Search code examples
pythonpython-3.xnumpymatrixlarge-data

How to split in chunks (submatrices), or handle a huge matrix giving memory error on numpy?


I have a really large matrix that won't simply fit into memory. The matrix i have to work with has 483798149136 elements, this means 483 billions of floating point numbers.

The approach i was thinking about was to split this huge matrix somehow in different submatrices that fit into memory, perform pooling operations on these submatrices, and later join them all back to rebuild the original matrix which will hopefully fit into memory after all the pooling operations.

Please correct me if i'm wrong, this approach was just an idea i came out with, how good or bad it is, i dont know. If you have any better alternative ideas i'm open to any suggestions.

The code to reproduce this matrix would be:

a = np.arange(695556).reshape(834,834)
np.meshgrid(a,a)

I have been reading this post and this post, among other ones in this same site but none of them provides a true solution to these kind of problems, they just give vague suggestions.

My questions now are:

  1. Is my splitting and pooling approach feasable or are there any other better ways of doing this?

  2. How (in code terms) could i split this matrix into pieces (like windows or multidimensional kernels) and rebuild it up again later

  3. Is there some way to process a matrix in chunks in numpy to perform operations with the matrix latyer, like multiplication, addition, etc...

  4. Is there a specific package in Python that helps dealing with this kind of matrix problems

EDIT

Since some users are asking me about the goal of this whole operation, i'll provide some info:

I'm working on a some 3d printing project. In the process there is a laser beam that melts metal powder to create complex metal pieces. In this pieces there are layers, and the laser melts the metal layer by layer.

I have 3 csv files, each one containing a matrix of 834 x 834. The first matrix contain the coordinates values of the X axis when laser beam is going through powder bed and melting the metal, the second matrix is the same for the Y axis, and the third matrix represents the time the laser stands melting in the same pixel point. The values are expressed in seconds.

So i have the coordinates of the laser passing through the X and Y axes, and the time it takes to melt each point.

This matrices come out from images of the sections of each manufactured piece.

The issue is that the temperature in a certain pixel and the time the laser stands at that pixel can have an influence over the n pixel when the laser gets there. So i want to create a distance matrix that tells me how different or similar in terms of euclidean distance are each pixel of the image to each other.

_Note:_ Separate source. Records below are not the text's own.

(* Let $\sigma>0$, $r\in\mathbb{R}$, $A>0$ and $B>0$, and consider the system of ODEs \[ \dot{x}_d = X,\quad \dot{X}=\sigma\big(Y-X+A\sin(Bx_d)\big),\quad \dot{Y}=-XZ+rX-Y,\quad \dot{Z}=XY-Z . \] For every integer $k$, the point $(x_d,X,Y,Z)=(k\pi/B,0,0,0)$ is an equilibrium. If $k$ is even, the Jacobian matrix of the system at this equilibrium has a real positive eigenvalue, so this equilibrium is linearly unstable for all values of $\sigma>0$, $r$, $A>0$, $B>0$.
   Context: The system models a one-dimensional wave-particle entity (a walking droplet) in the sinusoidal potential $U(x)=(A/B)\cos(Bx)$: $x_d$ is the particle position, $X$ its velocity, and $Y,Z$ are wave-memory variables. The equilibria with even $k$ correspond to the particle sitting at the maxima of the potential. *)

From HB Require Import structures.
From mathcomp Require Import all_boot all_order all_algebra.
From mathcomp Require Import all_classical all_reals all_analysis.
Set Implicit Arguments. Unset Strict Implicit. Unset Printing Implicit Defensive.
Import Order.TTheory GRing.Theory Num.Theory.
Local Open Scope ring_scope.

Definition vf (R : realType) (sigma r A B : R) (u : 'rV[R]_4) : 'rV[R]_4 :=
  let xd := u ord0 (inord 0) in
  let X  := u ord0 (inord 1) in
  let Y  := u ord0 (inord 2) in
  let Z  := u ord0 (inord 3) in
  \row_(i < 4)
    match val i with
    | 0 => X
    | 1 => sigma * (Y - X + A * sin (B * xd))
    | 2 => - (X * Z) + r * X - Y
    | _ => X * Y - Z
    end.

(* The Jacobian used in the statement is MathComp-Analysis' derive.jacobian
   (jacobian f p := lin1_mx ('d f p)). *)

Definition eqpt (R : realType) (B : R) (k : int) : 'rV[R]_4 :=
  \row_(i < 4) (if val i == 0%N then k%:~R * pi / B else 0).

(* At (k pi / B, 0, 0, 0) with k even, cos (B x_d) = 1, so the Z direction
   decouples from the Jacobian (eigenvalue -1) and the (x_d, X, Y) block has
   characteristic polynomial
     l^3 + (1 + sigma) l^2 + sigma (1 - r - A B) l - sigma A B.
   This cubic is monic and negative at 0, hence has a root l > 0, with
   eigenvector (1, l, r l / (l + 1), 0). *)

From HB Require Import structures.
From mathcomp Require Import all_boot all_order all_algebra.
From mathcomp Require Import all_classical all_reals all_analysis.
From mathcomp Require Import polyrcf ring.
Import Order.TTheory GRing.Theory Num.Theory.
Import numFieldNormedType.Exports.
Local Open Scope ring_scope.

Section RowDifferential.
Variable R : numFieldType.

Global Instance is_diff_coord m n (i : 'I_m) (j : 'I_n) (p : 'M[R]_(m, n)) :
  is_diff p (fun u => u i j) (fun u => u i j).
Proof.
have coord_linear : linear (fun u : 'M[R]_(m, n) => u i j).
  by move=> a u v; rewrite !mxE.
pose f : {linear 'M[R]_(m, n) -> R} := HB.pack (fun u : 'M[R]_(m, n) => u i j)
  (GRing.isLinear.Build _ _ _ _ _ coord_linear).
have f_cont : continuous f := @coord_continuous R m n i j.
change (is_diff p f f).
by apply: DiffDef; [exact: linear_differentiable | exact: diff_lin].
Qed.

Lemma is_diff_derive1 (W : normedModType R) (f : R -> W) (x : R) (d : W) :
  is_derive x 1 f d -> is_diff x f ( *:%R^~ d).
Proof.
move=> fd; have f_derivable : derivable f x 1 by apply: ex_derive.
apply: DiffDef; first exact/derivable1_diffP.
by rewrite diff1E ?derive1E ?derive_val //; exact/derivable1_diffP.
Qed.

Lemma is_diff_row (V : normedModType R) n (f df : V -> 'rV[R]_n) (p : V) :
  (forall i, is_diff p (fun u => f u ord0 i) (fun v => df v ord0 i)) ->
  is_diff p f df.
Proof.
move=> fi_diff.
have rowE (g : V -> 'rV[R]_n) : g = \sum_(i < n) (fun u => g u ord0 i *: 'e_i).
  by rewrite fct_sumE; apply/funext => u; exact: row_sum_delta.
rewrite (rowE f) (rowE df); apply: big_ind2 => i _.
exact: is_diff_comp (fi_diff i) (is_diff_scalel _ _).
Qed.

End RowDifferential.

Global Instance is_diff_sin (R : realType) (x : R) : is_diff x sin ( *:%R^~ (cos x)).
Proof. exact: is_diff_derive1. Qed.

Lemma sin_intpi (R : realType) (k : int) : sin (k%:~R * pi) = 0 :> R.
Proof.
have sin_natpi (n : nat) : sin (n%:R * pi) = 0 :> R.
  by rewrite mulr_natl -[_ *+ n]add0r (alternatingn (@sinDpi R)) sin0 mulr0.
by case: k => n; rewrite ?NegzE ?intrN ?mulNr ?sinN -pmulrn sin_natpi ?oppr0.
Qed.

Lemma cos_evenpi (R : realType) (k : int) : (2 %| k)%Z -> cos (k%:~R * pi) = 1 :> R.
Proof.
have cos_nat2pi (n : nat) : cos (n%:R * (pi *+ 2)) = 1 :> R.
  by rewrite mulr_natl -[_ *+ n]add0r (periodicn (@cosD2pi R)) cos0.
move=> /divzK <-; rewrite intrM -mulrA mulr_natl.
by case: (k %/ 2)%Z => n; rewrite ?NegzE ?intrN ?mulNr ?cosN -pmulrn cos_nat2pi.
Qed.

Lemma poly_pos_root (R : rcfType) (p : {poly R}) :
  0 < lead_coef p -> p.[0] < 0 -> exists2 x, 0 < x & root p x.
Proof.
move=> lc_gt0 p0_lt0; have [n pn_ge] := poly_pinfty_gt_lc lc_gt0.
pose b := Num.max n 0.
have b_ge0 : 0 <= b by rewrite le_max lexx orbT.
have pb_ge0 : 0 <= p.[b].
  by apply/(le_trans (ltW lc_gt0))/pn_ge; rewrite le_max lexx.
have sign_change : p.[0] <= 0 <= p.[b] by rewrite (ltW p0_lt0) pb_ge0.
have [x /andP[x_ge0 _] px0] := @poly_ivt R p 0 b b_ge0 sign_change.
exists x => //; rewrite lt_neqAle x_ge0 andbT; apply: contraTneq px0 => <-.
by rewrite /root lt_eqF.
Qed.

Section WalkingDroplet.
Context {R : realType}.
Variables sigma r A B : R.

Local Notation x i := (fun u : 'rV[R]_4 => u ord0 (inord i)).

Definition dvf (p v : 'rV[R]_4) : 'rV[R]_4 :=
  \row_(i < 4)
    match val i with
    | 0 => x 1 v
    | 1 => sigma * (x 2 v - x 1 v + A * (B * x 0 v * cos (B * x 0 p)))
    | 2 => - (x 1 v * x 3 p + x 1 p * x 3 v) + r * x 1 v - x 2 v
    | _ => x 1 v * x 2 p + x 1 p * x 2 v - x 3 v
    end.

Let scaleRE (a b : R) : a *: b = a * b. Proof. by []. Qed.

(* Each component is first rewritten as a combination of coordinate maps, so
   that instance resolution can compute its differential. *)
Lemma is_diff_vf (p : 'rV[R]_4) : is_diff p (vf sigma r A B) (dvf p).
Proof.
apply: is_diff_row => -[[|[|[|[|i]]]] i4] //.
- have -> : (fun u => vf sigma r A B u ord0 (Ordinal i4)) = x 1.
    by apply/funext => u; rewrite mxE.
  eapply is_diff_eq; first typeclasses eauto.
  by apply/funext => v; rewrite mxE.
- have -> : (fun u => vf sigma r A B u ord0 (Ordinal i4)) =
            sigma *: (x 2 - x 1 + A *: (sin \o (B *: x 0))).
    by apply/funext => u; rewrite mxE.
  eapply is_diff_eq; first typeclasses eauto.
  by apply/funext => v; rewrite mxE /= !fctE /= !scaleRE; ring.
- have -> : (fun u => vf sigma r A B u ord0 (Ordinal i4)) =
            - (x 1 * x 3) + r *: x 1 - x 2.
    by apply/funext => u; rewrite mxE.
  eapply is_diff_eq; first typeclasses eauto.
  by apply/funext => v; rewrite mxE /= !fctE /= !scaleRE; ring.
- have -> : (fun u => vf sigma r A B u ord0 (Ordinal i4)) = x 1 * x 2 - x 3.
    by apply/funext => u; rewrite mxE.
  eapply is_diff_eq; first typeclasses eauto.
  by apply/funext => v; rewrite mxE /= !fctE /= !scaleRE; ring.
Qed.

Hypothesis B_neq0 : B != 0.

Lemma vf_eqpt (k : int) : vf sigma r A B (eqpt B k) = 0.
Proof.
apply/rowP => j; rewrite !mxE /= !inordK //= [B * (_ / B)]mulrC divfK // sin_intpi.
by case: j => -[|[|[|[|i]]]] i4 /=; ring.
Qed.

Definition charpoly3 : {poly R} :=
  Poly [:: - (sigma * A * B); sigma * (1 - r - A * B); 1 + sigma; 1].

Lemma horner_charpoly3 l : charpoly3.[l] =
  l ^+ 3 + (1 + sigma) * l ^+ 2 + sigma * (1 - r - A * B) * l - sigma * A * B.
Proof. by rewrite horner_Poly /=; ring. Qed.

Lemma charpoly3_pos_root : 0 < sigma -> 0 < A -> 0 < B ->
  exists2 l, 0 < l & root charpoly3 l.
Proof.
move=> sigma_gt0 A_gt0 B_gt0; apply: poly_pos_root.
  by rewrite /lead_coef (PolyK (c := 1)) ?oner_neq0.
by rewrite horner_charpoly3 !expr0n !mulr0 !add0r oppr_lt0 !mulr_gt0.
Qed.

Definition eqpt_eigenvector (l : R) : 'rV[R]_4 :=
  \row_(j < 4) [:: 1; l; r * l / (l + 1); 0]`_j.

Lemma eigenvector_jacobian_even_eqpt (k : int) (l : R) :
  (2 %| k)%Z -> 0 < l -> root charpoly3 l ->
  eqpt_eigenvector l *m jacobian (vf sigma r A B) (eqpt B k) = l *: eqpt_eigenvector l.
Proof.
move=> k_even l_gt0 /rootP chi_l.
rewrite /jacobian mul_rV_lin1 (@diff_val _ _ _ _ _ _ _ (is_diff_vf _)).
apply/rowP => j; rewrite !mxE /= !inordK //= [B * (_ / B)]mulrC divfK // cos_evenpi //.
have l1_neq0 : l + 1 != 0 by rewrite gt_eqF // addr_gt0.
case: j => -[|[|[|[|i]]]] i4 //=.
- by rewrite mulr1.
- have -> : sigma * (r * l / (l + 1) - l + A * (B * 1 * 1)) =
            l * l - charpoly3.[l] / (l + 1) by rewrite horner_charpoly3; field.
  by rewrite chi_l mul0r subr0.
- by field.
- by rewrite mulr0; ring.
Qed.

End WalkingDroplet.

Theorem mainTheorem1 (R : realType) (sigma r A B : R) :
  0 < sigma -> 0 < A -> 0 < B ->
  forall k : int,
    vf sigma r A B (eqpt B k) = 0 /\
    ((2 %| k)%Z ->
      exists2 lam : R, 0 < lam &
        eigenvalue (jacobian (vf sigma r A B) (eqpt B k)) lam).
Proof.
move=> sigma_gt0 A_gt0 B_gt0 k; have B_neq0 : B != 0 := lt0r_neq0 B_gt0.
split; first exact: vf_eqpt.
move=> k_even.
have [l l_gt0 chi_l] := charpoly3_pos_root sigma r A B sigma_gt0 A_gt0 B_gt0.
exists l => //; apply/eigenvalueP; exists (eqpt_eigenvector r l).
  exact: eigenvector_jacobian_even_eqpt.
by apply/eqP => /rowP/(_ ord0); rewrite !mxE; apply/eqP; exact: oner_neq0.
Qed.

This is why if i have for instance 2 834 x 834 matrices i need to create a matrix of 695556 x 695556 with the distances between every single point in the matrix to each other. And this is why is so huge and will not fit into memory.

I don't know if i gave too much information, or if my explanations are messy. You can ask whatever you need and i'll try to clarify it, but the main point is that i need to create this huge distance matrix in ordr to know the mathematical distances between pixels and then get to know the relation between what's happening in a certain point of the piece when printing it and what it needs to happen in other points to avoid manufacturing defects.

Thank you very much in advance


Solution

  • after all, i figured out a way to solve my problem. This huge matrices can be easily handled using dask. Dask is a python library that allows distributed computing and data division into chunks to optimize memory usage. It's pretty handy since it really allows you to work with literally huge and massive data at real low computing and memory cost, obviously, is not as fast as in-memory computing, but i think very people will be glad to know about this.

    This package is pretty good optimized and is often update. The best of it is that it has numpy/pandas sintax, it also works with dataframes the same way than with arrays and if you know pandas/numpy you will feel like in home with dask.

    You can create a dask distributed array like this:

    import numpy as np
    import dask.array as da
    
    Y = da.random.normal(size=(695556, 695556),
                             chunks=(1000, 1000))
    

    and then, you can perform some operations on it like this:

    y = Y.mean(axis=0)[0:100].compute()
    

    Also, if you use the memory_profiler package you can also monitor your memory and CPU usage, and see how much memory are your huge data consuming for computations.

    There are some practical examples i found very illustrative here.

    Also, the explanative array scope in this library can be found here.

    And lastly, a guide about high performance computations in Python 3.X here.

    Hope this helps someone with this same issue.